··· DATA SECTION

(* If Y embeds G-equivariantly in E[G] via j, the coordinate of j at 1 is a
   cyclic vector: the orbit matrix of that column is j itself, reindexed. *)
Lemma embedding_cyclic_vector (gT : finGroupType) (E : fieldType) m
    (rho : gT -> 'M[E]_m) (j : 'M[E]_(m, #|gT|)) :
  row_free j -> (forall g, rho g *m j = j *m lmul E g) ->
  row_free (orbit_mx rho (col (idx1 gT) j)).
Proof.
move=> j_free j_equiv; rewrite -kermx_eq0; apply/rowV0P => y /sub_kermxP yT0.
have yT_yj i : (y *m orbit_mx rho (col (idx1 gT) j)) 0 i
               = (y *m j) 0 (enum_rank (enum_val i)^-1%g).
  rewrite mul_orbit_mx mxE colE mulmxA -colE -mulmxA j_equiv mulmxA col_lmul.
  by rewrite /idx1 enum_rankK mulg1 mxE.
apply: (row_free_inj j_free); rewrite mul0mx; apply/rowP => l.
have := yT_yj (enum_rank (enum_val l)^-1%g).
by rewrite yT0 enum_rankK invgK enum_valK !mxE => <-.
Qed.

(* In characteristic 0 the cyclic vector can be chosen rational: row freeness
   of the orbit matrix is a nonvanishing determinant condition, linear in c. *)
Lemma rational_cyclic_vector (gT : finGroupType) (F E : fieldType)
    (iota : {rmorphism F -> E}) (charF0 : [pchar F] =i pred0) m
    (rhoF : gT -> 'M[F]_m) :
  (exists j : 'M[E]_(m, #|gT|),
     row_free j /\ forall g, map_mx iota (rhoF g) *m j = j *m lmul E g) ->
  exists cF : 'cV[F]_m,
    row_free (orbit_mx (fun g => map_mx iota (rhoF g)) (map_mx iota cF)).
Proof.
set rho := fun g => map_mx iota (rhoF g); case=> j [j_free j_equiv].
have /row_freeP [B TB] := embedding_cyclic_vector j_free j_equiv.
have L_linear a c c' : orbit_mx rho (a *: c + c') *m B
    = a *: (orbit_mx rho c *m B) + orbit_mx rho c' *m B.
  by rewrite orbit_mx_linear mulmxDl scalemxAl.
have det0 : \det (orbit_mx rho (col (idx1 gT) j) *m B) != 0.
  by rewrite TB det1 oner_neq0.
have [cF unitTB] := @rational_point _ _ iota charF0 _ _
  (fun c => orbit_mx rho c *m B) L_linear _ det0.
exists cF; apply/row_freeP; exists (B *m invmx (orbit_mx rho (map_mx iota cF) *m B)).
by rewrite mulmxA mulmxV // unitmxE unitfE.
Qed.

······
··· DATA SECTION

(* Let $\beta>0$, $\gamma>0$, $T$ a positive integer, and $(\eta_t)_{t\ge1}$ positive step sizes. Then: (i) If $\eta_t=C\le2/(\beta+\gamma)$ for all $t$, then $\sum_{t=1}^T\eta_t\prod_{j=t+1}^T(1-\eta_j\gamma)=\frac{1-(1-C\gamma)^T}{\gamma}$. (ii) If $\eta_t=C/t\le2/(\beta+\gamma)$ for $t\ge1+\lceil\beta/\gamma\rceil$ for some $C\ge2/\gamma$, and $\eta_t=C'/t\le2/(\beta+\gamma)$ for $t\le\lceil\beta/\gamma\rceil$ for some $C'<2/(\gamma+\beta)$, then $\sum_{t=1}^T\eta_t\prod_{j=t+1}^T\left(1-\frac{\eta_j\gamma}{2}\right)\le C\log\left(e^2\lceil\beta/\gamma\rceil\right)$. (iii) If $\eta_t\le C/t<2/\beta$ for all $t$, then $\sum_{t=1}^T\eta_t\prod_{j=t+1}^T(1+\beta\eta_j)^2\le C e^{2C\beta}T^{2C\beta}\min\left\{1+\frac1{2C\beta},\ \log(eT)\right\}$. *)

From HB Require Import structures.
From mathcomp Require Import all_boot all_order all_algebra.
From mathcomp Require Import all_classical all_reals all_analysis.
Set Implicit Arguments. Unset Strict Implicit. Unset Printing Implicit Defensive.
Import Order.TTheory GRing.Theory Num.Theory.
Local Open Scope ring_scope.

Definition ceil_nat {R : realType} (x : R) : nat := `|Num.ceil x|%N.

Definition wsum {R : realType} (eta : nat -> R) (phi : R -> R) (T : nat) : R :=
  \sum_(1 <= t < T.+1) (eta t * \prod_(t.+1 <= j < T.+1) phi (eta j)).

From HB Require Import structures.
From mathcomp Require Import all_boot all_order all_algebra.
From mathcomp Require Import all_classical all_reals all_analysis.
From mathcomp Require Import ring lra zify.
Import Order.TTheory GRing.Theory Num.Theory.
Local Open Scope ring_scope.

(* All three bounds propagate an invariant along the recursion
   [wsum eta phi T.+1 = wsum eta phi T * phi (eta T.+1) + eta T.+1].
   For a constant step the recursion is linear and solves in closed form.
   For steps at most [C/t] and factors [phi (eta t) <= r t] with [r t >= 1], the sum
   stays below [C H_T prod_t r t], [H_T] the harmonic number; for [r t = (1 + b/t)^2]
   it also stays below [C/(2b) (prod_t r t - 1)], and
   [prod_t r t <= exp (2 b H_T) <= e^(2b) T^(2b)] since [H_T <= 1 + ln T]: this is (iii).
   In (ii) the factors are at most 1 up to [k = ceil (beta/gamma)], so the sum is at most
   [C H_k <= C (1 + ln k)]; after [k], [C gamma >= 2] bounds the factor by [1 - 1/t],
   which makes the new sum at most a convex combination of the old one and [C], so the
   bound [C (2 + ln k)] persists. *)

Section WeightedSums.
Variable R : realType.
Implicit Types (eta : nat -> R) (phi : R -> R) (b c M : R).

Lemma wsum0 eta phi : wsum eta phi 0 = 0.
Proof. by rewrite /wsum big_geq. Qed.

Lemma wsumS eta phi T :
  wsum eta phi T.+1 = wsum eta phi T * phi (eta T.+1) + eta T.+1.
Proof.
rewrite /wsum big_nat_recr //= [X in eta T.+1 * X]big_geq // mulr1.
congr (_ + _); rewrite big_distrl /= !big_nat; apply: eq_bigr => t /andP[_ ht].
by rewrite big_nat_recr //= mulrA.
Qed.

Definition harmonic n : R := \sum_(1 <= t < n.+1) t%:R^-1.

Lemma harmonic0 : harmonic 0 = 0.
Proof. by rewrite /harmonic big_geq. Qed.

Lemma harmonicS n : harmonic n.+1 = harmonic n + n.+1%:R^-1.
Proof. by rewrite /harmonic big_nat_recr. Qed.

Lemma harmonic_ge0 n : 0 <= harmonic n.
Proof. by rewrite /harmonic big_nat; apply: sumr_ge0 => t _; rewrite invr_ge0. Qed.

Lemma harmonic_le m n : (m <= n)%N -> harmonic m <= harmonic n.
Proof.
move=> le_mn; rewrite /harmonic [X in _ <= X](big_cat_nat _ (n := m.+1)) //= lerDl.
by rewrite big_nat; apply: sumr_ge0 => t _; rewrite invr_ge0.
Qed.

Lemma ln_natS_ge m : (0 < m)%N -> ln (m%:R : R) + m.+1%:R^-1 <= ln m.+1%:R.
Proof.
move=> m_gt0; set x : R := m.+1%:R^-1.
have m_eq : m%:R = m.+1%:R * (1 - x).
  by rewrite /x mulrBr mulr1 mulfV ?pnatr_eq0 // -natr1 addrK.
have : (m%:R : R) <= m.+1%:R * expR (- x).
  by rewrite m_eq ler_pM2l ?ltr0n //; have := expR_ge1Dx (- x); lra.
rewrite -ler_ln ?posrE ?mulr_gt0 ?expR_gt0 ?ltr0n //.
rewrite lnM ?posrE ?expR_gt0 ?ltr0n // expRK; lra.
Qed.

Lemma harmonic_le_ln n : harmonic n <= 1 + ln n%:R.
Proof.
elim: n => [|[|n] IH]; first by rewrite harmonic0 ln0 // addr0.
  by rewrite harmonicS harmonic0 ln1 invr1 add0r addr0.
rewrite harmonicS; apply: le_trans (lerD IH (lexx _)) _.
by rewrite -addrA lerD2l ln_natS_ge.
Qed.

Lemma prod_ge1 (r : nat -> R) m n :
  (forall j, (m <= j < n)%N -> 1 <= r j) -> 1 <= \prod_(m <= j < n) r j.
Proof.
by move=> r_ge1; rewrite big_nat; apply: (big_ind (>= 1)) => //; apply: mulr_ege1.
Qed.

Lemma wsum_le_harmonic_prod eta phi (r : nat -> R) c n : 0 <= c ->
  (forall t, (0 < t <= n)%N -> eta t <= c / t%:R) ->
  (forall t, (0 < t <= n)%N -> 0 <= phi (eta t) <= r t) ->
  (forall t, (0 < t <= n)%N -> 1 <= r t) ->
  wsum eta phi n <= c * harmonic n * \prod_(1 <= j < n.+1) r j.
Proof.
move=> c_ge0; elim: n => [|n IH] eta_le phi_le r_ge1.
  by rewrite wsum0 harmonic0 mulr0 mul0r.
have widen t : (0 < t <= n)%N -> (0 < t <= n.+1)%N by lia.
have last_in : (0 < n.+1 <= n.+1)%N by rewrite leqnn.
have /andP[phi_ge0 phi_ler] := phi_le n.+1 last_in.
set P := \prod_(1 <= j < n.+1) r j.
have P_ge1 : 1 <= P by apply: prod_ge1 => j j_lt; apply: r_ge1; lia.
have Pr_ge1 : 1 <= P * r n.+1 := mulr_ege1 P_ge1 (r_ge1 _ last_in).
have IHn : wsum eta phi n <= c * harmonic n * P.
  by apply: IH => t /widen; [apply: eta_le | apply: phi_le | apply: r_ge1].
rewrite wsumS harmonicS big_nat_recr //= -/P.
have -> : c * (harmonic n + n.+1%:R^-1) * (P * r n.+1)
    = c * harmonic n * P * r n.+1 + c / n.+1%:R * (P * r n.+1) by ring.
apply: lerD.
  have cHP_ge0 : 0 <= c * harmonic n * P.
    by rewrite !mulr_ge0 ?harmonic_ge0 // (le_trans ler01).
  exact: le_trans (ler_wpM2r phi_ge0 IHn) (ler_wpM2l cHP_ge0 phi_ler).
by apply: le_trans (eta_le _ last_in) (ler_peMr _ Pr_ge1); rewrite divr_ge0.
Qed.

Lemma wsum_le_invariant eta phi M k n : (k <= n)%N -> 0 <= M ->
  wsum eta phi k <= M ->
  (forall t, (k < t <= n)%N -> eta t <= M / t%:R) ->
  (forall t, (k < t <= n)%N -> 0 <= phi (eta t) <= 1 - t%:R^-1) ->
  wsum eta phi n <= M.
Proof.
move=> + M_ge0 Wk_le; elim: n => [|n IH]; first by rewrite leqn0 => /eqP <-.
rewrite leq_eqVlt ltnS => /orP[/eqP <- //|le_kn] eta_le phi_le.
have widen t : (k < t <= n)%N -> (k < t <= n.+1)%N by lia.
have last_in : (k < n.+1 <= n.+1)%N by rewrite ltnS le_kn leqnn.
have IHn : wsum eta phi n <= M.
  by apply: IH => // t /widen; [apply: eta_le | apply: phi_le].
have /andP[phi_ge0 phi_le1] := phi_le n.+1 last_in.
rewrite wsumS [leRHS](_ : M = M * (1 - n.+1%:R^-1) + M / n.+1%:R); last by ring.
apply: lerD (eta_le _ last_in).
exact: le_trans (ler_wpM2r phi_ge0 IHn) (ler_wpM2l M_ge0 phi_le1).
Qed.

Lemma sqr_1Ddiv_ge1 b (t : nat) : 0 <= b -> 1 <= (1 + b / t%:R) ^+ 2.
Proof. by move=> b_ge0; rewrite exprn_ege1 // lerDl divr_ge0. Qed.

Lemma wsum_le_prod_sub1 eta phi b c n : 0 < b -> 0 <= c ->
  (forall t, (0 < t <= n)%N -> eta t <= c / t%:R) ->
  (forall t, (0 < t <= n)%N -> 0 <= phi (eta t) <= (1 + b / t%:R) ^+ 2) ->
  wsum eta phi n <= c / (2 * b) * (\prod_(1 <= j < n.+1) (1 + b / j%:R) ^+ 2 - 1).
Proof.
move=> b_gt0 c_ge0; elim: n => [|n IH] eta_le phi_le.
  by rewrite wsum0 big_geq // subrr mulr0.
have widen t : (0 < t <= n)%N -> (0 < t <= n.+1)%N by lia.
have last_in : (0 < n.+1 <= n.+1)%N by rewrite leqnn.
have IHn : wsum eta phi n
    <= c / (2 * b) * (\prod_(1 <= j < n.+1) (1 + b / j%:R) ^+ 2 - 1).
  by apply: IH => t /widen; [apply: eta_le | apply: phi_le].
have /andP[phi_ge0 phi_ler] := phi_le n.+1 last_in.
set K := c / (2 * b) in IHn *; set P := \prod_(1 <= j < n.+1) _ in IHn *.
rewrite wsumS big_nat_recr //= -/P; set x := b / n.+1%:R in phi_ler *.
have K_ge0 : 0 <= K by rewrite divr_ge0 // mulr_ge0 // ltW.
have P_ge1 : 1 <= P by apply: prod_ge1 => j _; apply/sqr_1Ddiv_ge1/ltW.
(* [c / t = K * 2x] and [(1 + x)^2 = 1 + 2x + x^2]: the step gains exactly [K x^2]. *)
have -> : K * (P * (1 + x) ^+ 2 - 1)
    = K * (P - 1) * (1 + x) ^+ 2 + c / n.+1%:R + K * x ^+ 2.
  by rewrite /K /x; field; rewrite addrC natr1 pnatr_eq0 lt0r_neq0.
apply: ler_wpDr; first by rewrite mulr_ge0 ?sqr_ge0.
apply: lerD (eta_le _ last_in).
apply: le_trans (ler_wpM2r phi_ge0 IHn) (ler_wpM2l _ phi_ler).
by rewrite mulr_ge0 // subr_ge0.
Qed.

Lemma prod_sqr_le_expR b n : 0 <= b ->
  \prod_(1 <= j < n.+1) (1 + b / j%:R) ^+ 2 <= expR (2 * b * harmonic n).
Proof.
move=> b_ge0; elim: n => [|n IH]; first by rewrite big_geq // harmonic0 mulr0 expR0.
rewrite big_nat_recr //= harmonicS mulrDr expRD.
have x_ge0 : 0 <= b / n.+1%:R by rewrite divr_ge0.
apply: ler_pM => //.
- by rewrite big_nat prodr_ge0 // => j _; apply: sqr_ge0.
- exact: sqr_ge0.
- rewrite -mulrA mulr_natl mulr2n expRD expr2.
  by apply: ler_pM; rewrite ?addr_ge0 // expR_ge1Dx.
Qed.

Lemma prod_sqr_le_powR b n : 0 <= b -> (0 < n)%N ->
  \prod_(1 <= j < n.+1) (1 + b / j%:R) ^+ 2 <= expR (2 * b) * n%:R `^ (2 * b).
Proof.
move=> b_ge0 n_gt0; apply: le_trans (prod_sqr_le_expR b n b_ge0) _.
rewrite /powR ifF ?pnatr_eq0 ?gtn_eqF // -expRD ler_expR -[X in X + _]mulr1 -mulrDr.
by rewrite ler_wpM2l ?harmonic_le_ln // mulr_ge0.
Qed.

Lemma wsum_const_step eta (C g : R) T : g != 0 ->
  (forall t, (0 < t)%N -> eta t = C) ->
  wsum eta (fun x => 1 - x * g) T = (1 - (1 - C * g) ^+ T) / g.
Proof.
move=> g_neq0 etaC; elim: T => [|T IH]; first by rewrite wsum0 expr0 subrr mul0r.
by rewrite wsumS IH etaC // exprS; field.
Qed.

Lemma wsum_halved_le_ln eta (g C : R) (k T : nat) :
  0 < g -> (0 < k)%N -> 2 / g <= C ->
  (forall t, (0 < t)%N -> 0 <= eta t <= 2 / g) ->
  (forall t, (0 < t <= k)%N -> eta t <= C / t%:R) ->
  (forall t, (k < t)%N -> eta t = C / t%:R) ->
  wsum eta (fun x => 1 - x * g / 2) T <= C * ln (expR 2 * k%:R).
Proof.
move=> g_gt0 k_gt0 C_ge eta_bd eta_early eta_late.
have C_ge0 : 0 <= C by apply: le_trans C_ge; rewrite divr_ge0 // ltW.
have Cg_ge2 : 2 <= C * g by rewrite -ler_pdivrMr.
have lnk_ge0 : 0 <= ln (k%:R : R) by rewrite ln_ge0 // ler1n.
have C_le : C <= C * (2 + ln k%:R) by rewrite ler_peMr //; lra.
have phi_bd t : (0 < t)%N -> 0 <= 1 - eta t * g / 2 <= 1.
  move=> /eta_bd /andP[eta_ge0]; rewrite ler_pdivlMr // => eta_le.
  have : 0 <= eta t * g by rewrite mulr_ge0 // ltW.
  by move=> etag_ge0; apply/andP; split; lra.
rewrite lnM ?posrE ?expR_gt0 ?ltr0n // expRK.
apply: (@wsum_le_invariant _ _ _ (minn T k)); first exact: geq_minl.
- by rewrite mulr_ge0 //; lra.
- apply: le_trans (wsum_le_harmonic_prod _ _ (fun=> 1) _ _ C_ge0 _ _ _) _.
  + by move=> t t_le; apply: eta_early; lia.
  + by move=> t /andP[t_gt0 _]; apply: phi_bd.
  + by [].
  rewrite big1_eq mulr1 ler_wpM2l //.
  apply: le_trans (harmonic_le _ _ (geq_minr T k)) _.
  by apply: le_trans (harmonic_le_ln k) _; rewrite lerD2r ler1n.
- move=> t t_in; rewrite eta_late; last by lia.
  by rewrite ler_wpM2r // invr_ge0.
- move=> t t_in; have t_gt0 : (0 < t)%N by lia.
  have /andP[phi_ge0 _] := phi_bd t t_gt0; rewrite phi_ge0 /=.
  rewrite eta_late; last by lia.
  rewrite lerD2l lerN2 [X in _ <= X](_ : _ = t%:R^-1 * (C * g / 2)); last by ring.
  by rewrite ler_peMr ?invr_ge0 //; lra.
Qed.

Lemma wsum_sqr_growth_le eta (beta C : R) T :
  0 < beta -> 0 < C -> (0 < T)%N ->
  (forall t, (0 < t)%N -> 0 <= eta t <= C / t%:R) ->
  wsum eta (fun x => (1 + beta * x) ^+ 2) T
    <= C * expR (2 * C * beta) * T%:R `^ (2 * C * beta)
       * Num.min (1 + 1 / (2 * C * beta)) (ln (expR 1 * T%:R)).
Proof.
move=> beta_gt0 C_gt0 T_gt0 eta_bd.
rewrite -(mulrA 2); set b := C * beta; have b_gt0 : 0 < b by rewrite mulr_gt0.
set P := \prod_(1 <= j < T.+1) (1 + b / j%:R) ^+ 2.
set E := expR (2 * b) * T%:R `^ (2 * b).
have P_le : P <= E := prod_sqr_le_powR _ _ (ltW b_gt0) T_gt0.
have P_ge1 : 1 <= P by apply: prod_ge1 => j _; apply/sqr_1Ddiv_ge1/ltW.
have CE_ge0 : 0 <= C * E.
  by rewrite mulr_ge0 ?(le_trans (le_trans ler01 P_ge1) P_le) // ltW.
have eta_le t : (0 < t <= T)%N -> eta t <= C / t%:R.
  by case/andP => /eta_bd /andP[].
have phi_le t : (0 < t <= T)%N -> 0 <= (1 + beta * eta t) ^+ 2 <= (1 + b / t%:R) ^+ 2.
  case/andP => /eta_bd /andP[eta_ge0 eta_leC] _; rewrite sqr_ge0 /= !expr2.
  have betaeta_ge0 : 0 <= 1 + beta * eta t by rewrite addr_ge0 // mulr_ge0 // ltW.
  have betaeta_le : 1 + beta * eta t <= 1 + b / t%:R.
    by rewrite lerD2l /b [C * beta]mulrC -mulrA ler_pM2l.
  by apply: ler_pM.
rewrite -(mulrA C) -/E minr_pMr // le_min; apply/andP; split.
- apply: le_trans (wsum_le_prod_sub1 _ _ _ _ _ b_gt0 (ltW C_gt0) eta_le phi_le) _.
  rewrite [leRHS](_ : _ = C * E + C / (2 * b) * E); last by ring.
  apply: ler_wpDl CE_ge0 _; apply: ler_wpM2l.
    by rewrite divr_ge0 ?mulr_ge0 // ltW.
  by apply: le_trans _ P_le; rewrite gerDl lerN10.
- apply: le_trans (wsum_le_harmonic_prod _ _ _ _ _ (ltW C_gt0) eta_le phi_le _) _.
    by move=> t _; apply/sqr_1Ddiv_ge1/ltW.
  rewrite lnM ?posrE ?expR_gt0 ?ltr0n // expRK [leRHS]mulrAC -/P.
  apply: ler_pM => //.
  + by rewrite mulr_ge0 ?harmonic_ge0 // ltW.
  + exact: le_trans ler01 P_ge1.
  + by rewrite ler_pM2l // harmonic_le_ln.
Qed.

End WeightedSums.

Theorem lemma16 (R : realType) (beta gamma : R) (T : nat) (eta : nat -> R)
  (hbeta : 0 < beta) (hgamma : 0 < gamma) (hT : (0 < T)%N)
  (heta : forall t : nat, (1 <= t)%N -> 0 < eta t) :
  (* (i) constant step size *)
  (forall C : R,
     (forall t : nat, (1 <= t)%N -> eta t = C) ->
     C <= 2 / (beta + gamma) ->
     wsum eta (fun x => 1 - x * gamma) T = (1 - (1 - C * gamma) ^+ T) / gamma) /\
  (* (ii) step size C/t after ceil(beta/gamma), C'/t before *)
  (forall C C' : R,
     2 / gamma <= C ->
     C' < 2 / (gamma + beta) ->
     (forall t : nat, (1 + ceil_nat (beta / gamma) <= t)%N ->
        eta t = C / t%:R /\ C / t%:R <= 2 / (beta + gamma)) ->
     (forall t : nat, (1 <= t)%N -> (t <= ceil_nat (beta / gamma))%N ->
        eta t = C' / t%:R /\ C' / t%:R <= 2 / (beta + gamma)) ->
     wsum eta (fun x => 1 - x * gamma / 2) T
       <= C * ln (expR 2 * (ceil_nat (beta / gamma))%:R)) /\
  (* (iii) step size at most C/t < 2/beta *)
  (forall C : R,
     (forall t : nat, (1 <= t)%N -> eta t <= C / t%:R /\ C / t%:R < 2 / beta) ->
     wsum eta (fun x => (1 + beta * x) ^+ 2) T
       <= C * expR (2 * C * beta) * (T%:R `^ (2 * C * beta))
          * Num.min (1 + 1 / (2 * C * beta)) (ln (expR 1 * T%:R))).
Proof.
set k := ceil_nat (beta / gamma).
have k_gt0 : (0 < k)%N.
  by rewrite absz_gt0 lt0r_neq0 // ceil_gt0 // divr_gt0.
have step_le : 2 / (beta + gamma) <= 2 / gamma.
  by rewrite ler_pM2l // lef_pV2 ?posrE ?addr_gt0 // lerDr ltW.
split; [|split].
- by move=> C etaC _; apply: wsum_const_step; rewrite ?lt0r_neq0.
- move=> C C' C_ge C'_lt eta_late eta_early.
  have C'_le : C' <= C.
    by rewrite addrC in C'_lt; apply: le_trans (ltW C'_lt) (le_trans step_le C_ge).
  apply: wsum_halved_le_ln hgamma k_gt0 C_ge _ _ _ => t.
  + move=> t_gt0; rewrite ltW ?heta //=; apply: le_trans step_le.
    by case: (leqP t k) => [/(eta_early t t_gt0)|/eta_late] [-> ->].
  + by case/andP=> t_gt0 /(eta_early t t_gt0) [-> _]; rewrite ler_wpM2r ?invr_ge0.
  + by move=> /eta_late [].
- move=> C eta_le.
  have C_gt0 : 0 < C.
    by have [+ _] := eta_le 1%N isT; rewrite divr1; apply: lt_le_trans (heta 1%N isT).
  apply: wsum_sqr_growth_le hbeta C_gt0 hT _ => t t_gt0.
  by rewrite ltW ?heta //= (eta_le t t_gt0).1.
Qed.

······

→ **WHAT YOU SHOULD DO**
Set down only the lines above that fall between the line holding "<= C * expR (2 * C * beta) * T%:R" and the line holding "set P := \prod_(1 <= j < T.+1)", inclusive, keeping each exact.

→ **WRITTEN REPLY**
    <= C * expR (2 * C * beta) * T%:R `^ (2 * C * beta)
       * Num.min (1 + 1 / (2 * C * beta)) (ln (expR 1 * T%:R)).
Proof.
move=> beta_gt0 C_gt0 T_gt0 eta_bd.
rewrite -(mulrA 2); set b := C * beta; have b_gt0 : 0 < b by rewrite mulr_gt0.
set P := \prod_(1 <= j < T.+1) (1 + b / j%:R) ^+ 2.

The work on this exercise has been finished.